Interstitial Lung Disease (ILD): Patients undergoing treatment may develop interstitial lung disease. If respiratory symptoms worsen, treatment should be interrupted to allow for diagnostic evaluation; if ILD is confirmed, the drug should be permanently discontinued and appropriate treatment initiated. Hepatotoxicity: Abnormalities in liver function tests may occur; hepatitis is observed occasionally, and fatal cases of liver failure have been reported. Periodic monitoring of liver function is recommended. Caution should be exercised in patients with mild to moderate elevations in liver transaminases; discontinuation of the medication should be considered if these elevations worsen.
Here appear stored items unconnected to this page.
(* Let $X$ be a non-empty finite set and $\boldsymbol{\nu}$ a random probability measure on $X$ such that $(\boldsymbol{\nu}(x))_{x\in X}$ is exchangeable. Then for every $A\subset X$, $$\mathrm{Var}(\boldsymbol{\nu}(A))\le\frac{|A|}{|X|}\,\mathbb{E}\Big[\max_{x\in X}\boldsymbol{\nu}(x)\Big].$$
   Context: Exchangeable means the law of the collection is invariant under permutations of $X$. *)

From HB Require Import structures.
From mathcomp Require Import all_boot all_order all_algebra perm.
From mathcomp Require Import all_classical all_reals all_analysis.
Set Implicit Arguments. Unset Strict Implicit. Unset Printing Implicit Defensive.
Import Order.TTheory GRing.Theory Num.Theory.
Local Open Scope classical_set_scope.
Local Open Scope ring_scope.

(* A random family (nu x)_{x in X} of real random variables on the probability
   space (Omega, P) is exchangeable when its joint law on R^X is invariant under
   every permutation s of X: the law of (nu (s x))_x equals the law of (nu x)_x.
   Since X is finite, the joint law is determined by its values on measurable
   rectangles prod_x B x (a pi-system generating the product sigma-algebra),
   so we state equality of laws on all such rectangles. *)
Definition exchangeable {d} {Omega : measurableType d} {R : realType}
  (P : probability Omega R) {X : finType} (nu : Omega -> X -> R) : Prop :=
  forall (s : {perm X}) (B : X -> set R),
    (forall x, measurable (B x)) ->
    P [set w | forall x, B x (nu w (s x))] = P [set w | forall x, B x (nu w x)].

From HB Require Import structures.
From mathcomp Require Import all_boot all_order all_algebra perm.
From mathcomp Require Import all_classical all_reals all_analysis.
From mathcomp Require Import measurable_realfun lra.
Import Order.TTheory GRing.Theory Num.Theory.
Local Open Scope classical_set_scope.
Local Open Scope ring_scope.

(* By exchangeability every nu x has the same mean, which is 1 / N with N = #|X|,
   and E[nu x * nu y] takes one value a on the diagonal and one value b off it;
   squaring sum_x nu x = 1 gives N (a + (N - 1) b) = 1.  For K = #|A| this yields
   Var nu(A) = K (a + (K - 1) b) - (K / N)^2, while sum_x (nu x)^2 <= max_x nu x
   gives N a <= E[max_x nu x].  The bound then reduces to K (K - 1) b <= (K / N)^2,
   which follows from N (N - 1) b <= 1 and K <= N. *)

Lemma perm_pair_transitive {X : finType} {x y x' y' : X} :
  x != y -> x' != y' -> exists s : {perm X}, s x = x' /\ s y = y'.
Proof.
move=> xy x'y'; set z := tperm x x' y.
have zx' : z != x'.
  by rewrite /z -{2}(tpermL x x') (inj_eq (@perm_inj _ _)) eq_sym.
exists (tperm x x' * tperm z y')%g.
by split; rewrite permM ?tpermL -/z ?tpermL // tpermD // eq_sym.
Qed.

Lemma sum_two_valued (R : pzRingType) (X : finType) (B : {set X}) (a b : R) :
  \sum_(x in B) \sum_(y in B) (if x == y then a else b) =
  #|B|%:R * (a + (#|B|%:R - 1) * b).
Proof.
have row x : x \in B ->
    \sum_(y in B) (if x == y then a else b) = a + (#|B|%:R - 1) * b.
  move=> xB; rewrite (eq_bigr (fun y => b + (if x == y then a - b else 0))); last first.
    by move=> y _; case: eqP => _; rewrite ?addr0 // addrC subrK.
  rewrite big_split /= sumr_const (bigD1 x) //= eqxx big1 ?addr0; last first.
    by move=> y /andP[_ /negbTE]; rewrite eq_sym => ->.
  by rewrite mulrBl mul1r mulr_natl addrCA.
by rewrite (eq_bigr _ row) sumr_const mulr_natl.
Qed.

Lemma two_valued_variance_le (R : realFieldType) (N K a b : R) :
  1 <= N -> 0 <= K <= N -> 0 <= a -> 0 <= b -> N * (a + (N - 1) * b) = 1 ->
  K * (a + (K - 1) * b) - (K / N) ^+ 2 <= K / N * (N * a).
Proof.
move=> N1 /andP[K0 KN] a0 b0 Nab.
have N_gt0 : 0 < N := lt_le_trans ltr01 N1.
(* With K = N k the claim reads N k (N k - 1) b <= k ^ 2: use N k - 1 <= k (N - 1)
   (as k <= 1) and N (N - 1) b <= 1. *)
set k := K / N; have -> : K = N * k by rewrite /k mulrC divfK ?gt_eqF.
have k_ge0 : 0 <= k by rewrite divr_ge0 // ltW.
have k_le1 : k <= 1 by rewrite ler_pdivrMr ?mul1r.
have offdiag_le1 : N * (N - 1) * b <= 1 by nra.
have Nbk_ge0 : 0 <= N * b * k by rewrite mulr_ge0 // mulr_ge0 // ltW.
have k_le1_step : 0 <= N * b * k * (1 - k) by rewrite mulr_ge0 // subr_ge0.
have offdiag_step : 0 <= k ^+ 2 * (1 - N * (N - 1) * b).
  by apply: mulr_ge0; rewrite ?sqr_ge0 ?subr_ge0.
nra.
Qed.

Lemma measurable_fun_bigmaxr d (T : measurableType d) (R : realType)
    (I : Type) (r : seq I) (p : pred I) (x0 : R) (F : I -> T -> R) :
  (forall i, measurable_fun setT (F i)) ->
  measurable_fun setT (fun w => \big[Num.max/x0]_(i <- r | p i) F i w).
Proof.
move=> mF; elim: r => [|i r IHr].
  by under eq_fun do rewrite big_nil; exact: measurable_cst.
under eq_fun do rewrite big_cons.
by case: (p i) => //; exact: measurable_maxr.
Qed.

Section expectation_lemmas.
Local Open Scope ereal_scope.
Context {d} {T : measurableType d} {R : realType} (P : probability T R).

Lemma Lfun1_bounded (f : T -> R) (k : R) : measurable_fun setT f ->
  (forall w, `|f w| <= k)%R -> f \in Lfun P 1.
Proof.
move=> mf fk; apply/Lfun1_integrable.
apply: (le_integrable measurableT _ _ (finite_measure_integrable_cst P k measurableT)).
  exact/measurable_EFinP.
move=> w _ /=; rewrite lee_fin (le_trans (fk w))// ler_norm//.
Qed.

Lemma expectation_bigsum (I : Type) (r : seq I) (p : pred I) (F : I -> T -> R) :
  (forall i, p i -> F i \in Lfun P 1) ->
  'E_P[\sum_(i <- r | p i) F i] = \sum_(i <- r | p i) 'E_P[F i].
Proof.
move=> hF; elim: r => [|i r IHr]; first by rewrite !big_nil expectation_cst.
rewrite !big_cons; case: ifP => // pi.
by rewrite expectationD ?IHr ?hF ?rpred_sum.
Qed.

End expectation_lemmas.

Section exchangeable_pairs.
Context {d} {Omega : measurableType d} {R : realType} {P : probability Omega R}.
Context {X : finType} {nu : Omega -> X -> R}.
Hypothesis nu_meas : forall x : X, measurable_fun setT (fun w => nu w x).
Hypothesis nu_exch : exchangeable P nu.

Lemma exchangeable_pair_rectangle (s : {perm X}) (x y : X) (A B : set R) :
  measurable A -> measurable B ->
  P [set w | A (nu w (s x)) /\ B (nu w (s y))] = P [set w | A (nu w x) /\ B (nu w y)].
Proof.
move=> mA mB.
pose C z := (if z == x then A else setT) `&` (if z == y then B else setT).
have mC z : measurable (C z) by apply: measurableI; case: ifP.
have rectE (t : X -> X) :
    [set w | A (nu w (t x)) /\ B (nu w (t y))] = [set w | forall z, C z (nu w (t z))].
  apply/seteqP; split => w /=.
    by move=> [Aw Bw] z; split; case: eqP => // ->.
  by move=> Cw; split; [case: (Cw x)|case: (Cw y)]; rewrite eqxx.
by rewrite (rectE s) (rectE id); exact: nu_exch.
Qed.

Let pair_mfun (x y : X) : {mfun Omega >-> (R * R)%type} :=
  HB.pack (fun w => (nu w x, nu w y))
    (isMeasurableFun.Build _ _ _ _ _ (measurable_fun_pair (nu_meas x) (nu_meas y))).

Lemma exchangeable_pair_distribution (s : {perm X}) (x y : X) (S : set (R * R)) :
  measurable S ->
  P ((fun w => (nu w (s x), nu w (s y))) @^-1` S) = P ((fun w => (nu w x, nu w y)) @^-1` S).
Proof.
move=> mS.
change (distribution P (pair_mfun (s x) (s y)) S = distribution P (pair_mfun x y) S).
apply: (measure_unique [set A `*` B | A in measurable & B in measurable] (fun=> setT)) => //.
- exact: measurable_prod_measurableType.
- move=> _ _ [A1 mA1 [B1 mB1 <-]] [A2 mA2 [B2 mB2 <-]]; rewrite -setXI.
  by exists (A1 `&` A2); [exact: measurableI|exists (B1 `&` B2) => //; exact: measurableI].
- by move=> _; exists setT => //; exists setT => //; rewrite setXTT.
- by rewrite bigcup_const.
- by move=> _ [A mA [B mB <-]]; exact: exchangeable_pair_rectangle.
- by move=> _ /=; rewrite probability_setT ltry.
Qed.

Lemma exchangeable_pair_integral (s : {perm X}) (x y : X) (h : R * R -> \bar R) :
  measurable_fun setT h -> (forall p, 0 <= h p)%E ->
  (\int[P]_w h (nu w (s x), nu w (s y)) = \int[P]_w h (nu w x, nu w y))%E.
Proof.
move=> mh h0.
rewrite -[LHS](ge0_integral_distribution (pair_mfun (s x) (s y)) mh h0).
rewrite -[RHS](ge0_integral_distribution (pair_mfun x y) mh h0).
by apply: eq_measure_integral => S mS _; exact: exchangeable_pair_distribution.
Qed.

End exchangeable_pairs.

Section random_probability_vector.
Context {d} {Omega : measurableType d} {R : realType} (P : probability Omega R).
Context {X : finType} {nu : Omega -> X -> R}.
Hypothesis nu_meas : forall x : X, measurable_fun setT (fun w => nu w x).
Hypothesis nu_ge0 : forall w x, 0 <= nu w x.
Hypothesis nu_sum1 : forall w, \sum_(x : X) nu w x = 1.
Hypothesis nu_exch : exchangeable P nu.
Hypothesis X_nonempty : (0 < #|X|)%N.

Let mean x := fine ('E_P[(fun w => nu w x)%R])%E.
Let moment2 x y := fine ('E_P[(fun w => nu w x * nu w y)%R])%E.
Let mass (B : {set X}) w := \sum_(x in B) nu w x.
Let max_nu w := \big[Num.max/0]_(x : X) nu w x.

Lemma nu_le1 w x : nu w x <= 1.
Proof. by rewrite -(nu_sum1 w) (bigD1 x) //= lerDl sumr_ge0. Qed.

Lemma nu_Lfun1 x : (fun w => nu w x) \in Lfun P 1.
Proof. by apply: (Lfun1_bounded P _ 1) => // w; rewrite ger0_norm ?nu_le1. Qed.

Lemma nuM_Lfun1 x y : (fun w => nu w x * nu w y) \in Lfun P 1.
Proof.
apply: (Lfun1_bounded P _ 1); first exact: measurable_funM.
by move=> w; rewrite normrM !ger0_norm // mulr_ile1 ?nu_le1.
Qed.

Lemma expectation_nu x : ('E_P[(fun w => nu w x)%R] = (mean x)%:E)%E.
Proof. by rewrite fineK // expectation_fin_num // nu_Lfun1. Qed.

Lemma expectation_nuM x y : ('E_P[(fun w => nu w x * nu w y)%R] = (moment2 x y)%:E)%E.
Proof. by rewrite fineK // expectation_fin_num // nuM_Lfun1. Qed.

Lemma mean_perm (s : {perm X}) x : mean (s x) = mean x.
Proof.
(* The pair lemma wants an integrand that is nonnegative on all of R * R. *)
have normE z :
    (\int[P]_w (nu w z)%:E = \int[P]_w (`|(nu w z, nu w z).1|)%:E)%E.
  by apply: eq_integral => w _; rewrite /= ger0_norm.
rewrite /mean !expectation.unlock normE [in RHS]normE.
congr fine; apply: (exchangeable_pair_integral nu_meas nu_exch s x x
  (fun p => (`|p.1|)%:E)) => //.
by apply/measurable_EFinP; apply: measurableT_comp => //; exact: measurable_fst.
Qed.

Lemma moment2_perm (s : {perm X}) x y : moment2 (s x) (s y) = moment2 x y.
Proof.
have normE z t : (\int[P]_w (nu w z * nu w t)%:E =
    \int[P]_w (`|(nu w z, nu w t).1 * (nu w z, nu w t).2|)%:E)%E.
  by apply: eq_integral => w _; rewrite /= ger0_norm ?mulr_ge0.
rewrite /moment2 !expectation.unlock normE [in RHS]normE.
congr fine; apply: (exchangeable_pair_integral nu_meas nu_exch s x y
  (fun p => (`|p.1 * p.2|)%:E)) => //.
apply/measurable_EFinP/measurableT_comp => //.
by apply: measurable_funM; [exact: measurable_fst|exact: measurable_snd].
Qed.

Lemma mean_uniform x : mean x = #|X|%:R^-1.
Proof.
have meanE y : mean y = mean x by rewrite -(mean_perm (tperm x y) x) tpermL.
have sum_mean : \sum_(y : X) mean y = 1.
  apply: EFin_inj; rewrite -sumEFin.
  under eq_bigr do rewrite -expectation_nu.
  rewrite -expectation_bigsum => [|y _]; last exact: nu_Lfun1.
  by rewrite fct_sumE; under eq_fun do rewrite nu_sum1; exact: expectation_cst.
have N_neq0 : #|X|%:R != 0 :> R by rewrite pnatr_eq0 -lt0n.
rewrite (eq_bigr _ (fun y _ => meanE y)) sumr_const -mulr_natl in sum_mean.
by rewrite -(mulKf N_neq0 (mean x)) sum_mean mulr1.
Qed.

Lemma moment2_two_valued : exists a b,
  [/\ 0 <= a, 0 <= b & forall x y, moment2 x y = if x == y then a else b].
Proof.
case/card_gt0P: X_nonempty => x0 _.
have moment2_ge0 x y : 0 <= moment2 x y.
  by rewrite fine_ge0 // expectation_ge0 // => w; rewrite mulr_ge0.
have diag x : moment2 x x = moment2 x0 x0.
  by rewrite -(moment2_perm (tperm x x0)) !tpermL.
have offdiag x y x' y' : x != y -> x' != y' -> moment2 x y = moment2 x' y'.
  by move=> xy x'y'; have [s [<- <-]] := perm_pair_transitive xy x'y'; rewrite moment2_perm.
case: (pickP (fun p : X * X => p.1 != p.2)) => [[x' y'] /= x'y'|nodistinct].
  exists (moment2 x0 x0), (moment2 x' y'); split => // x y.
  by case: eqP => [->|/eqP xy]; [exact: diag|exact: offdiag].
exists (moment2 x0 x0), 0; split => // x y.
by case: eqP => [->|/eqP xy]; [exact: diag|have := nodistinct (x, y); rewrite /= xy].
Qed.

Lemma massE B : mass B = \sum_(x in B) (fun w => nu w x).
Proof. by rewrite fct_sumE. Qed.

Lemma mass_sqrE B :
  (mass B * mass B)%R = \sum_(x in B) \sum_(y in B) (fun w => nu w x * nu w y).
Proof.
apply/funext => w; rewrite fct_sumE.
have -> : (mass B * mass B)%R w = mass B w * mass B w by [].
rewrite /mass mulr_suml; apply: eq_bigr => x _.
by rewrite fct_sumE mulr_sumr.
Qed.

Lemma mass_Lfun1 B : mass B \in Lfun P 1.
Proof. by rewrite massE rpred_sum // => x _; exact: nu_Lfun1. Qed.

Lemma mass_sqr_Lfun1 B : (mass B * mass B)%R \in Lfun P 1.
Proof.
rewrite mass_sqrE rpred_sum // => x _.
by rewrite rpred_sum // => y _; exact: nuM_Lfun1.
Qed.

Lemma expectation_mass B : ('E_P[mass B] = (#|B|%:R / #|X|%:R)%:E)%E.
Proof.
rewrite massE expectation_bigsum => [|x _]; last exact: nu_Lfun1.
under eq_bigr do rewrite expectation_nu mean_uniform.
by rewrite sumEFin sumr_const mulr_natl.
Qed.

Section two_valued.
Context {a b : R}.
Hypothesis moment2E : forall x y, moment2 x y = if x == y then a else b.

Lemma expectation_mass_sqr B :
  ('E_P[mass B * mass B] = (#|B|%:R * (a + (#|B|%:R - 1) * b))%:E)%E.
Proof.
rewrite mass_sqrE expectation_bigsum => [|x _]; last first.
  by rewrite rpred_sum // => y _; exact: nuM_Lfun1.
rewrite -sum_two_valued -sumEFin; apply: eq_bigr => x _.
rewrite expectation_bigsum => [|y _]; last exact: nuM_Lfun1.
by rewrite -sumEFin; apply: eq_bigr => y _; rewrite expectation_nuM moment2E.
Qed.

Lemma variance_mass B : ('V_P[mass B] =
  (#|B|%:R * (a + (#|B|%:R - 1) * b) - (#|B|%:R / #|X|%:R) ^+ 2)%:E)%E.
Proof.
rewrite /variance covarianceE ?mass_Lfun1 ?mass_sqr_Lfun1 //.
by rewrite expectation_mass_sqr expectation_mass -EFinM -EFinB expr2.
Qed.

Lemma moment2_total : #|X|%:R * (a + (#|X|%:R - 1) * b) = 1.
Proof.
apply: EFin_inj; rewrite -cardsT -expectation_mass_sqr -(expectation_cst P 1).
congr expectation; apply/funext => w.
have massT : mass [set: X] w = 1.
  by rewrite -(nu_sum1 w); apply: eq_bigl => x; rewrite inE.
by rewrite -[LHS]/(mass _ w * mass _ w) massT mulr1.
Qed.

Lemma expectation_max_nu_ge : ((#|X|%:R * a)%:E <= 'E_P[max_nu])%E.
Proof.
have sqr_le_max w : \sum_x nu w x * nu w x <= max_nu w.
  apply: le_trans (_ : \sum_x max_nu w * nu w x <= _).
    by apply: ler_sum => x _; rewrite ler_wpM2r // le_bigmax.
  by rewrite -mulr_sumr nu_sum1 mulr1.
have <- : ('E_P[\sum_x (fun w => nu w x * nu w x)] = (#|X|%:R * a)%:E)%E.
  rewrite expectation_bigsum => [|x _]; last exact: nuM_Lfun1.
  under eq_bigr do rewrite expectation_nuM moment2E eqxx.
  by rewrite sumEFin sumr_const mulr_natl.
apply: expectation_le => //.
- by rewrite fct_sumE; apply: measurable_sum => x; exact: measurable_funM.
- exact: measurable_fun_bigmaxr.
- by move=> w; rewrite fct_sumE sumr_ge0 // => x _; rewrite mulr_ge0.
- by move=> w; exact: bigmax_ge_id.
- by apply: aeW => w; rewrite fct_sumE.
Qed.

End two_valued.

End random_probability_vector.

Theorem lemma6p3 (d : measure_display) (Omega : measurableType d) (R : realType)
  (P : probability Omega R) (X : finType) (nu : Omega -> X -> R)
  (X_nonempty : (0 < #|X|)%N)
  (nu_meas : forall x : X, measurable_fun setT (fun w => nu w x))
  (nu_ge0 : forall w x, 0 <= nu w x)
  (nu_sum1 : forall w, \sum_(x : X) nu w x = 1)
  (nu_exch : exchangeable P nu)
  (A : {set X}) :
  ('V_P[(fun w => \sum_(x in A) nu w x)%R]
    <= ((#|A|%:R / #|X|%:R : R)%:E
        * 'E_P[(fun w => \big[Num.max/0]_(x : X) nu w x)%R]))%E.
Proof.
have [a [b [a_ge0 b_ge0 moment2E]]] :=
  moment2_two_valued P nu_meas nu_ge0 nu_exch X_nonempty.
have total := moment2_total P nu_meas nu_ge0 nu_sum1 moment2E.
have max_nu_ge := expectation_max_nu_ge P nu_meas nu_ge0 nu_sum1 moment2E.
rewrite (variance_mass P nu_meas nu_ge0 nu_sum1 nu_exch X_nonempty moment2E).
apply: le_trans (lee_wpmul2l _ max_nu_ge); last by rewrite lee_fin divr_ge0.
by rewrite lee_fin two_valued_variance_le // ?ler1n // ler0n ler_nat max_card.
Qed.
Other: Conditions such as severe and persistent diarrhea, gastrointestinal perforation, or ocular symptoms require appropriate clinical management and medical attention. Drug interactions may occur; caution is advised when co-administering with other medications, such as CYP3A4 inducers or inhibitors, warfarin, or vinorelbine. The medication may impair the ability to drive or operate machinery.